We’re All in This Together

These are frightening times, but shared experience can connect us to others.

E. A. Segal
Hope
Source: E. A. Segal

We human beings are social creatures, in part by necessity, and in part by choice. We need to be cared for by others for years after our birth, setting in motion our deep connection to others.

As we age, we develop autonomy and at times can choose distance over closeness. But even during those times of distance, such as moving far away from family for school or a job, we can choose to stay connected to others. We make friends, join social groups, are part of work teams, and in those ways, we are connected. And now comes our new normal, social distancing.

Social distancing breaks our sense of connection

Being sure to limit physical contact and staying at least six feet away from others is not natural for us. Social distancing by its very definition is the opposite of connection. Being removed from others and not being allowed to gather together in groups is very difficult for human beings. It reinforces a sense of aloneness, and not of being part of a group or community.

Even though keeping social distance makes great sense given the highly contagious nature of this virus, it is foreign to our sense of humanity. So how can we deal with this? There is no easy answer.

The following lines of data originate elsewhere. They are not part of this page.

Lemma sup_image_itv : A !=set0 -> a <= sup (f @` A) <= b.
Proof.
move=> [q Aq]; apply/andP; split; last first.
  by apply: ge_sup_image; [exists q | move=> r /f_itv /andP[]].
apply: le_trans (le_sup_image Aq); by case/andP: (f_itv Aq).
Qed.

Lemma inf_image_itv : A !=set0 -> a <= inf (f @` A) <= b.
Proof.
move=> [q Aq]; apply/andP; split.
  by apply: le_inf_image; [exists q | move=> r /f_itv /andP[]].
apply: le_trans (ge_inf_image Aq) _; by case/andP: (f_itv Aq).
Qed.

End ImageSupInf.

Section SupInfBelow.
Variables (R : realType) (T : Type) (le : T -> T -> Prop).
Hypotheses (refl_le : forall p, le p p)
           (trans_le : forall p q r, le p q -> le q r -> le p r).

Definition below (p : T) : set T := [set q | le q p].
Definition inf_below (F : T -> R) (p : T) : R := inf (F @` below p).
Definition sup_below (F : T -> R) (p : T) : R := sup (F @` below p).

Lemma below_neq0 p : below p !=set0.
Proof. by exists p; exact: refl_le. Qed.

Section BoundedFunction.
Variables (a b : R) (F : T -> R).
Hypothesis F_itv : forall q, a <= F q <= b.
Local Notation F_itv_below p := (fun q (_ : below p q) => F_itv q).

Lemma inf_below_itv p : a <= inf_below F p <= b.
Proof. exact: inf_image_itv (F_itv_below p) (below_neq0 p). Qed.

Lemma sup_below_itv p : a <= sup_below F p <= b.
Proof. exact: sup_image_itv (F_itv_below p) (below_neq0 p). Qed.

Lemma inf_below_le p : inf_below F p <= F p.
Proof. by apply: (ge_inf_image (F_itv_below p)); exact: refl_le. Qed.

Lemma le_sup_below p : F p <= sup_below F p.
Proof. by apply: (le_sup_image (F_itv_below p)); exact: refl_le. Qed.

Lemma inf_below_antitone p q : le q p -> inf_below F p <= inf_below F q.
Proof.
move=> qp; apply: le_inf_image (below_neq0 q) _ => r rq.
by apply: (ge_inf_image (F_itv_below p)); exact: trans_le rq qp.
Qed.

Lemma sup_below_monotone p q : le q p -> sup_below F q <= sup_below F p.
Proof.
move=> qp; apply: ge_sup_image (below_neq0 q) _ => r rq.
by apply: (le_sup_image (F_itv_below p)); exact: trans_le rq qp.
Qed.

End BoundedFunction.

Variables (a b : R) (F : T -> R).
Hypothesis F_itv : forall q, a <= F q <= b.

Let G := inf_below F.
Let W := sup_below G.

Let G_itv q : a <= G q <= b.
Proof. exact: inf_below_itv. Qed.

Let W_itv q : a <= W q <= b.
Proof. exact: sup_below_itv. Qed.

Lemma weak_value_sup_below p : W p = sup_below W p.
Proof.
apply/eqP; rewrite eq_le (le_sup_below W_itv) /=.
apply: ge_sup_image (below_neq0 p) _ => q qp.
exact: sup_below_monotone.
Qed.

Lemma weak_value_sup_inf_below p : W p = sup_below (inf_below W) p.
Proof.
have G_le_inf_W q : G q <= inf_below W q.
  apply: le_inf_image (below_neq0 q) _ => r rq.
  exact: le_trans (inf_below_antitone F_itv rq) (le_sup_below G_itv r).
have inf_W_itv q : a <= inf_below W q <= b by exact: inf_below_itv.
apply/eqP; rewrite eq_le; apply/andP; split.
  apply: ge_sup_image (below_neq0 p) _ => q qp.
  exact: le_trans (G_le_inf_W q) (le_sup_image (fun r _ => inf_W_itv r) qp).
apply: ge_sup_image (below_neq0 p) _ => q qp.
apply: le_trans (inf_below_le W_itv q) _.
exact: sup_below_monotone.
Qed.

End SupInfBelow.

Section ForcingRange.
Variables (R : realType) (L : signature R).

Lemma tfree_tsubst (s : nat -> term L) t x :
  tfree (tsubst s t) x -> exists2 y, tfree t y & tfree (s y) x.
Proof.
elim: t => [y|//|f ts IH] /=; first by exists y.
by move=> [i /IH [y ty sy]]; exists y => //; exists i.
Qed.

Lemma closed_asubst (s : nat -> term L) a :
  (forall y, afree a y -> closed_term (s y)) -> closed_atom (asubst s a).
Proof.
case: a => [t1 t2|P ts] /= s_cl x.
  by case=> /tfree_tsubst [y ty]; apply: s_cl; [left|right].
by move=> [i /tfree_tsubst [y ty]]; apply: s_cl; exists i.
Qed.

Variable FP : forcing_property L.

Ways to shrink the sense of social distance

  1. Know you are not alone. For the first time in history, we are experiencing a crisis simultaneously across our local communities, our states, our country, our world. Although the scope of this virus is mind-boggling, it also links us as human beings because we are all going through the same thing.
  2. See the bigger picture — we are all in this together. This is one of the very rare instances when a major event is shared across the globe. Tackling social distancing can be done by broadening the lens of how we view our lives. Social media helps us to see how people are dealing with this crisis in other parts of the world — collectively singing on their balconies at a set hour or thanking first responders and health care professionals with clapping from windows at the same time.
  3. Connect with others in any way that you can — phone, text, video. Use the time to catch up with people you never seem to have enough time to call. Take a walk and say hello to others, from a safe distance away. Smile and others will smile back, it is our natural inclination of mirroring.
  4. Tap into your empathy. Understanding what others are feeling can help you to step outside yourself, and as a result, also understand your own feelings. Take the perspective of others, and then use that knowledge to respond. If you can feel and understand another person’s fear, you can help to soothe them, and by doing so, you can soothe yourself too.
  5. Accept that these are very difficult times. It’s okay to be realistic. Losing a job is very real, struggling to pay your bills is very stressful, and staying healthy is a constant worry. Know that these are major problems, but not of your own doing. You are not to blame. While you are being compassionate to others, be sure to be compassionate to yourself.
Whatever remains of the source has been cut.